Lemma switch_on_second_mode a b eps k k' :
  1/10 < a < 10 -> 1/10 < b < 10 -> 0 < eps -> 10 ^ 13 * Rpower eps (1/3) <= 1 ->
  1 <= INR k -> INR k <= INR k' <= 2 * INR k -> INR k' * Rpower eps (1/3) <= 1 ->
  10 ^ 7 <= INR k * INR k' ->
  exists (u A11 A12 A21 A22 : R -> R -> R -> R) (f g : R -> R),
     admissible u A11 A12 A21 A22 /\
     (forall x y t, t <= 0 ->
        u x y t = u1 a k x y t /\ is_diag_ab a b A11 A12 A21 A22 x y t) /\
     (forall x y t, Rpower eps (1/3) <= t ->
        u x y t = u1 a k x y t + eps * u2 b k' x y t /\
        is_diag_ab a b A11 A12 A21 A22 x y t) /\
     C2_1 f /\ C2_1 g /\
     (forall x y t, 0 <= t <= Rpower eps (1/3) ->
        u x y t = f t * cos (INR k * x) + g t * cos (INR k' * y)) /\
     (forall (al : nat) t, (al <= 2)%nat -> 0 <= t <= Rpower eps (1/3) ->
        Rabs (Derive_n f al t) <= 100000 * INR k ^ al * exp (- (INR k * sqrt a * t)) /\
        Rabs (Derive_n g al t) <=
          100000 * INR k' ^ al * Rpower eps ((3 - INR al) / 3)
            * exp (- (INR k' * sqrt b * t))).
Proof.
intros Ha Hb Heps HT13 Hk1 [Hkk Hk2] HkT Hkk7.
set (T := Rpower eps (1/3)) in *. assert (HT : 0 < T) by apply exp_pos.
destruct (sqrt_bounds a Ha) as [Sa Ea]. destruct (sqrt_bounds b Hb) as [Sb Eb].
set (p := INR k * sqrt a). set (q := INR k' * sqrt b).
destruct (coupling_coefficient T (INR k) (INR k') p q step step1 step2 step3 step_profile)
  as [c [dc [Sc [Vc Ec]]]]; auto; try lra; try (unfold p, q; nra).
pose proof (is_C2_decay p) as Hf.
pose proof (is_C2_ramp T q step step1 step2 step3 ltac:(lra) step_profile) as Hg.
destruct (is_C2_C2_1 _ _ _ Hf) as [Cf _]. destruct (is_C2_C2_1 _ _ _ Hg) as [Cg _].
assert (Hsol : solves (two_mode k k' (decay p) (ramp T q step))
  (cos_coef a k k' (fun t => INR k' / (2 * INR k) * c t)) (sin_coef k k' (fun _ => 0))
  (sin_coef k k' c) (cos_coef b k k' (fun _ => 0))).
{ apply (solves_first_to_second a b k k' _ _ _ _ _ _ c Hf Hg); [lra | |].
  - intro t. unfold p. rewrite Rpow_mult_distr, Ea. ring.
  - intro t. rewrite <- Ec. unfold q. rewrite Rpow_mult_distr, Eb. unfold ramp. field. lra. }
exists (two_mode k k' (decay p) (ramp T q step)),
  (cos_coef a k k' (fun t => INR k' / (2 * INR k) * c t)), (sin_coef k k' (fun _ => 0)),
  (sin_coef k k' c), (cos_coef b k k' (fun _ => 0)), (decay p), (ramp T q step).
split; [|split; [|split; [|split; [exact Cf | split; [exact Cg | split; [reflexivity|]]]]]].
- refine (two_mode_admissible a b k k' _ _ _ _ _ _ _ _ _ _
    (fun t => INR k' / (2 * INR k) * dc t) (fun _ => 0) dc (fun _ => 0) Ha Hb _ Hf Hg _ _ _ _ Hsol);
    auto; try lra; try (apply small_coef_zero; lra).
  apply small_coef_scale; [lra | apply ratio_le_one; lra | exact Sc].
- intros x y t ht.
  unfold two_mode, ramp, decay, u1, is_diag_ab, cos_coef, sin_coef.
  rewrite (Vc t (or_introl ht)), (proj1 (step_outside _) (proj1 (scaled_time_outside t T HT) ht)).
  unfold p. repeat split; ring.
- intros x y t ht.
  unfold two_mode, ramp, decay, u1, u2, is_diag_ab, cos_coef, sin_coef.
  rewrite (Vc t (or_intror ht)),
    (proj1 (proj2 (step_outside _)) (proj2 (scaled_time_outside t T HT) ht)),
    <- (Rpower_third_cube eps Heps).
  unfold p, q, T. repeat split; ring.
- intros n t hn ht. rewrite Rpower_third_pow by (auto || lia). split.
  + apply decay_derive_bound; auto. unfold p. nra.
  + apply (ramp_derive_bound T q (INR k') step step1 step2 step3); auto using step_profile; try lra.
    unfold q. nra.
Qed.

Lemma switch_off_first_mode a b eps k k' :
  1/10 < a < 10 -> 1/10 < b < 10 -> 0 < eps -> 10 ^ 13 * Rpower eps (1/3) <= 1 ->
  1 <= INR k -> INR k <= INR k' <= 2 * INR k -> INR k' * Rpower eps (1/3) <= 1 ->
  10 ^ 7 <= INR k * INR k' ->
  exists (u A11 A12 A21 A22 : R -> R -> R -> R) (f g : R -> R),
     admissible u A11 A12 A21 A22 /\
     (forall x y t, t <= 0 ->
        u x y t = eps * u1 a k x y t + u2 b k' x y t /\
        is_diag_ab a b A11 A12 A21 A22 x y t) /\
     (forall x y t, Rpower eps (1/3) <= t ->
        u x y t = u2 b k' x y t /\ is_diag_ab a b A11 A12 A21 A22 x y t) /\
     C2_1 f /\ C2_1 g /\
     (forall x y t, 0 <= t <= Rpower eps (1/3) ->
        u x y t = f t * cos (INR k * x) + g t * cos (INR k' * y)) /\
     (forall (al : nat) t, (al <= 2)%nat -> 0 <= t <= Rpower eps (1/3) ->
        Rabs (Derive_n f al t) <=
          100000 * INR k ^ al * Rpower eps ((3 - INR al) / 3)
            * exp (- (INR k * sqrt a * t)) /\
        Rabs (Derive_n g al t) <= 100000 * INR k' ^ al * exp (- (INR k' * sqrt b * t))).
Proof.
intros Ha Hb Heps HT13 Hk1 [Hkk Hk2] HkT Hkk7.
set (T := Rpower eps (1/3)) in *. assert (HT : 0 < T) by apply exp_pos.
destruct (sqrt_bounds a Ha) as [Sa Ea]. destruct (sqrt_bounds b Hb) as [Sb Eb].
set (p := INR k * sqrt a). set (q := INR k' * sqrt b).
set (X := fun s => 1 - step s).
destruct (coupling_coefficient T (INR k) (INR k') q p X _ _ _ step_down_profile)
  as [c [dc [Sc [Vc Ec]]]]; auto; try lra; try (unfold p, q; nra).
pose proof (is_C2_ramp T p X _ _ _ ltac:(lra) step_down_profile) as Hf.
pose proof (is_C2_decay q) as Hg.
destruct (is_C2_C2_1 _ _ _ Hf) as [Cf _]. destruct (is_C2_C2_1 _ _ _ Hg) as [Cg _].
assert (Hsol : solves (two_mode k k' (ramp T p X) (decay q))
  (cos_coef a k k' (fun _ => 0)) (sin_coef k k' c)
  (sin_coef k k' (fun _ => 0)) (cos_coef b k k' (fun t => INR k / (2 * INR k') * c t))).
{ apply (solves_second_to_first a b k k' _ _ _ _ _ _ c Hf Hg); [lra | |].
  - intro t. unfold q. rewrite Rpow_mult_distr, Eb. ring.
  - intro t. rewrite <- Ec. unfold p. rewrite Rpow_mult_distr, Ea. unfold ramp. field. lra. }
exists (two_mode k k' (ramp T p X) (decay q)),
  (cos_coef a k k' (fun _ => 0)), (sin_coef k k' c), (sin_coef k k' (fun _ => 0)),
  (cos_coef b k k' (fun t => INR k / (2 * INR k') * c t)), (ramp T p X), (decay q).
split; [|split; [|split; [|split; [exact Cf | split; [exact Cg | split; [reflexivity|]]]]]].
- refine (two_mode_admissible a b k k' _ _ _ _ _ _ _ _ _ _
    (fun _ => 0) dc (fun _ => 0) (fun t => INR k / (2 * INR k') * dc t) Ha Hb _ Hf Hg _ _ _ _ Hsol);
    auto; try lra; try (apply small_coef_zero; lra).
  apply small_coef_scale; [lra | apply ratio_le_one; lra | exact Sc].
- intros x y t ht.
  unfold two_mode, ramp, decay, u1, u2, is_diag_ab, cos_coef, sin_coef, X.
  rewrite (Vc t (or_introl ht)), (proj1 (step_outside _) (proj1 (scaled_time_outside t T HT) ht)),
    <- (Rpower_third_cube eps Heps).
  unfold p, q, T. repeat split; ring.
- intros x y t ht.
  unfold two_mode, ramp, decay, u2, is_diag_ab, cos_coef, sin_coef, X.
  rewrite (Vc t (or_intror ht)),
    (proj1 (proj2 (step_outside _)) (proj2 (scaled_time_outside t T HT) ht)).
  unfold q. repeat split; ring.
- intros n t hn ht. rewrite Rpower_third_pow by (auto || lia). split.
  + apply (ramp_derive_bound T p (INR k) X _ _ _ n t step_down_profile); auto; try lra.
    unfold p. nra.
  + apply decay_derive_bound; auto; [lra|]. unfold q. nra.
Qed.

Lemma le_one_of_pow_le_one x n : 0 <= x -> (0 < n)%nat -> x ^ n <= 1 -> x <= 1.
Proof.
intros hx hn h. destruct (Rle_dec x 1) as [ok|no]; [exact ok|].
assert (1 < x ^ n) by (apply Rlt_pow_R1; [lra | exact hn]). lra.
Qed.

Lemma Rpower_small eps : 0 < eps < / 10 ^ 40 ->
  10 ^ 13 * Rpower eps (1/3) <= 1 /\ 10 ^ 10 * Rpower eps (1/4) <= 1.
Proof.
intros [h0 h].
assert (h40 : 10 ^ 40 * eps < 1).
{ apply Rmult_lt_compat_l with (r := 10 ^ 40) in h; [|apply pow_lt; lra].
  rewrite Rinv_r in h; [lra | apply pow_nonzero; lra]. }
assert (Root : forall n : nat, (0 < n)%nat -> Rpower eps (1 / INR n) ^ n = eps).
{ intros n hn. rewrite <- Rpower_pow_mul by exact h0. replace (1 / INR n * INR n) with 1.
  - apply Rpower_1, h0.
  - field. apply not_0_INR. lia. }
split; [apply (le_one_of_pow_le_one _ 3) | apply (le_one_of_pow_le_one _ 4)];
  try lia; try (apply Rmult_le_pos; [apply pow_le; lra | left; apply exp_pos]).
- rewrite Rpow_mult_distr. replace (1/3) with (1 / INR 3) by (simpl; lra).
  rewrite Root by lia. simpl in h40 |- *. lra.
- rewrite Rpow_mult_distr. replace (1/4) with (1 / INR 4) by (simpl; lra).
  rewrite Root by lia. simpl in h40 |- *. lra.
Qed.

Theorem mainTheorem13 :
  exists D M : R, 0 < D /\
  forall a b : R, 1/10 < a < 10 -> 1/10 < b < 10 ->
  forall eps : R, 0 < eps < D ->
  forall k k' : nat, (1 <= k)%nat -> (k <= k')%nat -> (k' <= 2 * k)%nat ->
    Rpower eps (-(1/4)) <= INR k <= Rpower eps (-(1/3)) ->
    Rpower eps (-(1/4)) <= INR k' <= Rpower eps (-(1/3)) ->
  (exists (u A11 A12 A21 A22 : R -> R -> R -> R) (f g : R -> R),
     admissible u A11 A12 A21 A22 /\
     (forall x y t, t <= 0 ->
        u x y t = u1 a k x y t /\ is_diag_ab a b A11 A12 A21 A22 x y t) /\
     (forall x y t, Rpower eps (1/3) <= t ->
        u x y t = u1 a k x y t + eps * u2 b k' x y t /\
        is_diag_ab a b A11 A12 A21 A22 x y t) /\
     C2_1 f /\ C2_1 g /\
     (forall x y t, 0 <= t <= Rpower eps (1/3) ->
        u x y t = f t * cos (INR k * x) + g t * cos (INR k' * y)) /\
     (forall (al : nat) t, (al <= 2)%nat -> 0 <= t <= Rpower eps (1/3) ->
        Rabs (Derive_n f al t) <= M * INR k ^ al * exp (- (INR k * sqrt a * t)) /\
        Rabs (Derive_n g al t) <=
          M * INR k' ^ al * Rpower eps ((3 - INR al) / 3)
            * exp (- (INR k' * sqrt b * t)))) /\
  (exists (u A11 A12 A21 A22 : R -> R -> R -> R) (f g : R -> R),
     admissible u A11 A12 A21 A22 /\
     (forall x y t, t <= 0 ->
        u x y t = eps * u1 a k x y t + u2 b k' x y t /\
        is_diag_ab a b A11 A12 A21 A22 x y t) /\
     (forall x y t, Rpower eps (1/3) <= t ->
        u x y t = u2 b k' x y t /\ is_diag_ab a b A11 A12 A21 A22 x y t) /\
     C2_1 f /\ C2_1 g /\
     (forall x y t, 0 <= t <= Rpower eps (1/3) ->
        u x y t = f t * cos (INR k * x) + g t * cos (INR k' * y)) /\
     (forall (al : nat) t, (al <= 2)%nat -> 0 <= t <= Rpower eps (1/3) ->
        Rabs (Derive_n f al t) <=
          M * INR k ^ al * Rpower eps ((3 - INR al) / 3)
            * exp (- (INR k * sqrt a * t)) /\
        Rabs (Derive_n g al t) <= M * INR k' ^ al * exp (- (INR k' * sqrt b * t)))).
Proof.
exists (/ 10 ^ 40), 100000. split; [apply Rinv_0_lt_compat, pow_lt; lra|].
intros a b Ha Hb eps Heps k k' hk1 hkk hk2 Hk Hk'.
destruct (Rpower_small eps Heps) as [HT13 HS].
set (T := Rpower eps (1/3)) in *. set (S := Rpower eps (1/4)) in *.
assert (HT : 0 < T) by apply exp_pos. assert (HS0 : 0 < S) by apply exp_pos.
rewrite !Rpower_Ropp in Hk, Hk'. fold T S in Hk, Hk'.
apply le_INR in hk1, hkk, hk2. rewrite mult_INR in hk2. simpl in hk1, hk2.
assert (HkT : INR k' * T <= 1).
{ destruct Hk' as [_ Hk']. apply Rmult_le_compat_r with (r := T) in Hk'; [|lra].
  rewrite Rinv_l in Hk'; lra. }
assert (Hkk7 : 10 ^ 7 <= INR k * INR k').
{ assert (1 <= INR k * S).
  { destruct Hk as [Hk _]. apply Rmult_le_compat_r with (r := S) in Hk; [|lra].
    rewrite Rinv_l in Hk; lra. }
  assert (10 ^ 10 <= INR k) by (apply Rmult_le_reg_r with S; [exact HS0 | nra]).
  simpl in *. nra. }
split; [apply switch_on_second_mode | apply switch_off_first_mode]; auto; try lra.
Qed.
========================================================================
| Problem |
Search each line of the data above for "Hsol", and copy the lines where it occurs.

| Answer for the task |
assert (Hsol : solves (two_mode k k' (decay p) (ramp T q step))
    (fun t => INR k' / (2 * INR k) * dc t) (fun _ => 0) dc (fun _ => 0) Ha Hb _ Hf Hg _ _ _ _ Hsol);
assert (Hsol : solves (two_mode k k' (ramp T p X) (decay q))
    (fun _ => 0) dc (fun _ => 0) (fun t => INR k / (2 * INR k') * dc t) Ha Hb _ Hf Hg _ _ _ _ Hsol);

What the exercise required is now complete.